Скшетуский, услышав, что творится, чуть не сошел с ума от радости; он начал бегать по комнате, как помешанный, колотил себя в грудь изо всей силы и кричал:
– Я знал, что так будет! Знал! Теперь они имеют дело с гетманами! Со всей Речью Посполитой! Час возмездия настал! Что это?
Снова раздался топот, и на рынке появилось на этот раз уже несколько сотен всадников, одних только татар. Они бежали сломя голову; толпа загораживала им дорогу, они бросались в нее, топтали, били, разгоняли и секли нагайками и пробивались на дорогу, ведущую в Черкасы.
– Шибче ветра бегут! – кричал Захар.
Едва он успел вымолвить это, как мимо проскакал другой отряд, за ним третий; бегство казалось уже всеобщим. Стража около домов заволновалась и тоже обнаруживала желание бежать. Захар выскочил на крыльцо.
– Стоять! – крикнул он своим миргородцам.
Дым, жара, замешательство, лошадиный топот, встревоженные голоса и вой толпы, освещенной пожаром, – все это слилось в какую-то адскую картину, на которую наместник смотрел из окна.

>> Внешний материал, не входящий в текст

(* A tree with a child that is not a leaf: graft that child, at a fresh
   label [h], onto a smaller tree. *)
Section BigChild.
Variables (L : seq nat) (cs : seq rwtree) (h : nat) (c : rwtree) (rest : seq rwtree).
Hypothesis wfT : wf_tree (Node L cs).
Hypothesis fresh : h \notin labels (Node L cs).
Hypothesis IH : generated_below (tree_size (Node L cs)).
Hypothesis pick : Permutation cs (c :: rest).
Hypothesis nonleaf : leaf_label c = None.

Let labels_pick : perm_eq (labels (Node L cs)) (L ++ labels c ++ child_labels rest).
Proof. by rewrite /= perm_cat2l (perm_flatten_Permutation labels pick). Qed.

Let uniq_pick : uniq (L ++ labels c ++ child_labels rest).
Proof. by rewrite -(perm_uniq labels_pick); case/andP: wfT. Qed.

Let fresh_pick : h \notin L ++ labels c ++ child_labels rest.
Proof. by rewrite -(perm_mem labels_pick). Qed.

Let wf_pick : wf_empty c && all wf_empty rest.
Proof.
rewrite -[_ && _]/(all wf_empty (c :: rest)) -(all_Permutation _ pick).
by case/andP: wfT => /andP [].
Qed.

Let size_pick : tree_size (Node L cs) = (size L + (tree_size c + sumn (map tree_size rest))).+1.
Proof. by rewrite /= (sumn_Permutation tree_size pick). Qed.

Let nonempty_root : (L != [::]) || (1 < size (c :: rest)).
Proof. by rewrite -(size_Permutation pick); case/andP: wfT => /andP []. Qed.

– Какой там погром должен быть! – кричал он Захару, забывая, что тот не мог разделять его радости.
Между тем как молния промчался новый отряд беглецов.
Грохот пушек потрясал стены корсунских домов.

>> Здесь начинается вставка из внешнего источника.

(* Let $N,S,k$ be positive integers and let $e_n(s)$ ($1\le n\le N$, $1\le s\le S$) be chosen independently and uniformly from $\{-1,+1\}$; put $G_{N,S}(s)=(e_1(s),\dots,e_N(s))$. For every $\theta\ge0$, \[ \mathbb{P}\left[\left|\Phi_k(G_{N,S})-\mathbb{E}[\Phi_k(G_{N,S})]\right|\ge\theta\right]\le 2\exp\left\{-\frac{\theta^2}{2k^2N}\right\}. \]
   Context: For a map $G_{N,S}:\{1,\dots,S\}\to\{-1,+1\}^N$, $G_{N,S}(s)=(e_1(s),\dots,e_N(s))$, the cross-correlation measure of order $k$ is \[ \Phi_k(G_{N,S})=\max\left|\sum_{n=1}^M e_{n+d_1}(s_1)\cdots e_{n+d_k}(s_k)\right|, \] the maximum taken over all integers $M,d_1,\dots,d_k$ and $1\le s_1,\dots,s_k\le S$ with $0\le d_1\le\dots\le d_k<M+d_k\le N$ and $d_i\ne d_j$ whenever $s_i=s_j$. *)

From HB Require Import structures.
From mathcomp Require Import all_boot all_order all_algebra.
From mathcomp Require Import reals sequences exp.
Set Implicit Arguments. Unset Strict Implicit. Unset Printing Implicit Defensive.
Import Order.TTheory GRing.Theory Num.Theory.
Local Open Scope ring_scope.

(* A sample point: e (s, n) for s : 'I_S, n : 'I_N; true <-> +1, false <-> -1.
   (0-based indices: e (s, n) stands for e_{n+1}(s+1).) *)
Definition config (N S : nat) := {ffun 'I_S * 'I_N -> bool}.

Definition sgn (b : bool) : int := if b then 1 else -1.

(* value of e_{m+1}(s+1) for a natural index m (0 outside the range,
   never used for admissible parameters) *)
Definition ev (N S : nat) (e : config N S) (s : 'I_S) (m : nat) : int :=
  match @insub nat (fun x => x < N)%N 'I_N m with
  | Some i => sgn (e (s, i))
  | None => 0
  end.

Definition admissible (N S k : nat) (M : 'I_N.+1) (d : {ffun 'I_k -> 'I_N})
  (s : {ffun 'I_k -> 'I_S}) : bool :=
  [&& (0 < M)%N,
      [forall i : 'I_k, forall j : 'I_k, (i <= j)%N ==> (d i <= d j)%N],
      [forall i : 'I_k, (d i + M <= N)%N] &
      [forall i : 'I_k, forall j : 'I_k, (i != j) && (s i == s j) ==> (d i != d j)]].

Definition corr (N S k : nat) (e : config N S) (M : 'I_N.+1)
  (d : {ffun 'I_k -> 'I_N}) (s : {ffun 'I_k -> 'I_S}) : int :=
  \sum_(n < M) \prod_(i < k) ev e (s i) (n + d i).

(* cross-correlation measure of order k (max over empty set := 0) *)
Definition Phi (N S k : nat) (e : config N S) : nat :=
  \max_(p : 'I_N.+1 * {ffun 'I_k -> 'I_N} * {ffun 'I_k -> 'I_S}
          | admissible p.1.1 p.1.2 p.2)
     `|corr e p.1.1 p.1.2 p.2|%N.

Definition Prob (R : realType) (N S : nat) (A : config N S -> bool) : R :=
  #|[set e : config N S | A e]|%:R / #|{: config N S}|%:R.

Definition Expect (R : realType) (N S : nat) (X : config N S -> R) : R :=
  (\sum_(e : config N S) X e) / #|{: config N S}|%:R.

From HB Require Import structures.
From mathcomp Require Import all_boot all_order all_algebra.
From mathcomp Require Import reals sequences exp.
From mathcomp Require Import boolp functions topology normedtype derive realfun.
From mathcomp Require Import ring lra zify.
Import Order.TTheory GRing.Theory Num.Theory.
Import numFieldNormedType.Exports.
Local Open Scope ring_scope.

(* Changing the signs e_n(s), 1 <= s <= S, at a single time n changes every
   correlation sum by at most 2k: for each of the k factors only one summand
   reads time n, and a product of signs moves by at most the sum of the moves
   of its factors.  Hence Phi_k has bounded differences 2k with respect to
   the N independent columns of the sign matrix, and McDiarmid's inequality
   gives the tail bound 2 exp(-2 theta^2 / (N (2k)^2)).  McDiarmid's inequality
   is proved in the classical way: the Doob martingale of conditional averages
   over the first j columns has increments of oscillation at most 2k, so by
   Hoeffding's lemma each increment contributes a factor exp(l^2 (2k)^2 / 8)
   to the exponential moment, and Chernoff's bound concludes. *)

Lemma is_derive_ge0_le (R : realType) (f df : R -> R) (a b : R) :
  (forall x, is_derive x (1 : R) f (df x)) -> (forall x, a < x < b -> 0 <= df x) ->
  a <= b -> f a <= f b.
Proof.
move=> f_df df_ge0; rewrite le_eqVlt => /predU1P[-> // | ab].
have [|c c_ab df_c] := MVT ab (fun x _ => f_df x).
  apply/continuous_subspaceT => x.
  exact/differentiable_continuous/derivable1_diffP/(@ex_derive _ _ _ _ _ _ _ (f_df x)).
by rewrite -subr_ge0 df_c mulr_ge0 ?subr_ge0 ?(ltW ab) ?df_ge0.
Qed.

Section HoeffdingTwoPoint.
Variables (R : realType) (p : R).
Hypotheses (p_ge0 : 0 <= p) (p_le1 : p <= 1).

(* [u] is the moment generating function of Bernoulli(p), and the lemma
   amounts to [0 <= psi]: [psi 0 = dpsi 0 = 0] and [psi] is convex. *)
Let u (x : R) := 1 - p + p * expR x.
Let psi (x : R) := x ^+ 2 / 8 + p * x - ln (u x).
Let dpsi (x : R) := x / 4 + (p - 1) + (1 - p) / u x.
Let ddpsi (x : R) := 1 / 4 - (1 - p) * (p * expR x) / u x ^+ 2.

Let u_gt0 x : 0 < u x.
Proof.
rewrite /u; case: (ltgtP p 1) p_le1 => // [p_lt1 _ | -> _].
  by rewrite ltr_wpDr ?mulr_ge0 ?expR_ge0 // subr_gt0.
by rewrite subrr add0r mul1r expR_gt0.
Qed.

Let u0 : u 0 = 1.
Proof. by rewrite /u expR0 mulr1 subrK. Qed.

Let is_derive_u x : is_derive x (1 : R) u (p * expR x).
Proof.
have D : is_derive x (1 : R) (cst (1 - p) + p \*: @expR R) (0 + p *: expR x).
  exact: is_deriveD.
by rewrite add0r in D.
Qed.

Let is_derive_dpsi x : is_derive x (1 : R) dpsi (ddpsi x).
Proof.
have uV : is_derive x (1 : R) (fun y => (u y)^-1) (- (u x) ^- 2 *: (p * expR x)).
  have ux_neq0 : u x != 0 by rewrite gt_eqF.
  exact: is_deriveV.
have D : is_derive x (1 : R) ((4^-1) \*: id + cst (p - 1) + (1 - p) \*: (fun y => (u y)^-1))
    (4^-1 *: 1 + 0 + (1 - p) *: (- (u x) ^- 2 *: (p * expR x))).
  by apply: is_deriveD; apply: is_deriveD.
have -> : dpsi = (4^-1) \*: id + cst (p - 1) + (1 - p) \*: (fun y => (u y)^-1).
  by apply/funext => y; rewrite /dpsi /= mulrC.
apply: (is_derive_eq D).
change (4^-1 * 1 + 0 + (1 - p) * (- (u x ^+ 2)^-1 * (p * expR x)) = ddpsi x).
by rewrite /ddpsi; field; rewrite gt_eqF.
Qed.

Let is_derive_psi x : is_derive x (1 : R) psi (dpsi x).
Proof.
have ln_u : is_derive (u x) (1 : R) (@ln R) (u x)^-1 by exact: is_derive1_ln.
have lnu : is_derive x (1 : R) (@ln R \o u) ((u x)^-1 * (p * expR x)).
  exact: is_derive1_comp.
have D : is_derive x (1 : R) ((8^-1) \*: (id ^+ 2) + p \*: id - (@ln R \o u))
    (8^-1 *: ((2%:R * x ^+ 1) *: 1) + p *: 1 - (u x)^-1 * (p * expR x)).
  by apply: is_deriveB; apply: is_deriveD.
have -> : psi = (8^-1) \*: (id ^+ 2) + p \*: id - (@ln R \o u).
  by apply/funext => y; rewrite /psi /= mulrC.
apply: (is_derive_eq D).
change (8^-1 * ((2 * x ^+ 1) * 1) + p * 1 - (u x)^-1 * (p * expR x) = dpsi x).
have ux_neq0 : u x != 0 by rewrite gt_eqF.
by move: ux_neq0; rewrite /dpsi /u => ?; field.
Qed.

(* AM-GM: 4 (1 - p) p e^x <= ((1 - p) + p e^x)^2. *)
Let ddpsi_ge0 x : 0 <= ddpsi x.
Proof.
have ux := u_gt0 x; have ex := expR_ge0 x.
have -> : ddpsi x = (u x ^+ 2 - 4 * ((1 - p) * (p * expR x))) / (4 * u x ^+ 2).
  by rewrite /ddpsi; field; rewrite gt_eqF.
apply: divr_ge0; last by rewrite mulr_ge0 // exprn_ge0 // ltW.
have := sqr_ge0 (1 - p - p * expR x); rewrite /u; nra.
Qed.

Let dpsi0 : dpsi 0 = 0.
Proof. by rewrite /dpsi u0 divr1; ring. Qed.

Let psi_ge0 x : 0 <= psi x.
Proof.
have psi0 : psi 0 = 0 by rewrite /psi u0 ln1; ring.
have dpsi_mono a b : a <= b -> dpsi a <= dpsi b.
  by apply: is_derive_ge0_le => // y _; exact: ddpsi_ge0.
rewrite -psi0; case: (lerP 0 x) => [x_ge0 | x_lt0].
  apply: is_derive_ge0_le x_ge0 => // y /andP[y_gt0 _].
  by rewrite -dpsi0 dpsi_mono // ltW.
rewrite -lerN2; apply: (@is_derive_ge0_le _ (fun y => - psi y) (fun y => - dpsi y)).
- by move=> y; exact: is_deriveN.
- by move=> y /andP[_ y_lt0]; rewrite oppr_ge0 -dpsi0 dpsi_mono // ltW.
- exact: ltW.
Qed.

Вдруг чей-то пронзительный голос закричал у самого дома.
– Спасайтесь! Хмель убит! Кшечовский убит! Тугай-бей убит! На рынке началось настоящее светопреставление.
Люди в безумии бросались прямо в огонь. Наместник упал на колени и поднял вверх руки.
– Боже Всемогущий! Боже Великий и Праведный! Слава тебе в вышних! Захар прервал его молитву, вбежав в избу.
– Ну-ка, детына, – крикнул он, запыхавшись, – выйди и пообещай миргородцам пощаду: они хотят уходить, а как уйдут, чернь сюда бросится.
Скшетуский вышел на крыльцо… Миргородцы беспокойно вертелись перед домом, обнаруживая явное желание бросить все и бежать на дорогу, ведущую к Черкасам.
Страх обуял всех в городе. Со стороны Крутой Балки словно на крыльях мчались все новые и новые толпы беглецов. Бежали мужики, татары, городские казаки и запорожцы. Но главные силы Хмельницкого, должно быть, еще давали отпор; исход битвы еще не выяснился, так как пушки грохотали с удвоенной силой. Скшетуский обратился к миргородцам:
– За то, что вы верно охраняли мою особу, – торжественным голосом сказал он, – вам не надо спасаться бегством, я обещаю вам милость гетмана.
Миргородцы все до одного обнажили головы, а он подбоченился и гордо посматривал на них и на рынок, который пустел все больше и больше. Что за перемена судьбы! Скшетуский, которого еще недавно везли в обозе как пленника, стоял теперь между дерзкими казаками, как господин между подданными, как шляхтич между холопами, как панцирный гусар между обозной челядью. Он, пленник, обещает теперь пощаду, и головы обнажаются при виде его, и люди угрюмым, причитающим голосом, со страхом и покорностью взывают к нему:
– Помилуйте, пане!
– Как я сказал, так и будет! – сказал наместник.
Он действительно был уверен в этом, так как был знаком гетману, которому не раз возил письма от князя Еремии.
Он стоял подбоченившись, а лицо его, ярко освещенное заревом пожара, светилось радостью.
«Вот война уж и кончена! Волна разбилась о порог! – думал он. – Чарнецкий был прав: силы Речи Посполитой неисчерпаемы и могущество ее непоколебимо».
И он гордился этим. Гордился не тем, что враг разбит и унижен, и не тем, что он свободен и перед ним снимают шапки, а тем, что он сын этой победоносной и могучей Речи Посполитой, о стены которой разбиваются все напасти и удары, как адские силы о врата неба. Он гордился, как шляхтич-патриот, который остался тверд в несчастье и не обманулся в своей вере. Он уж не жаждал больше мести.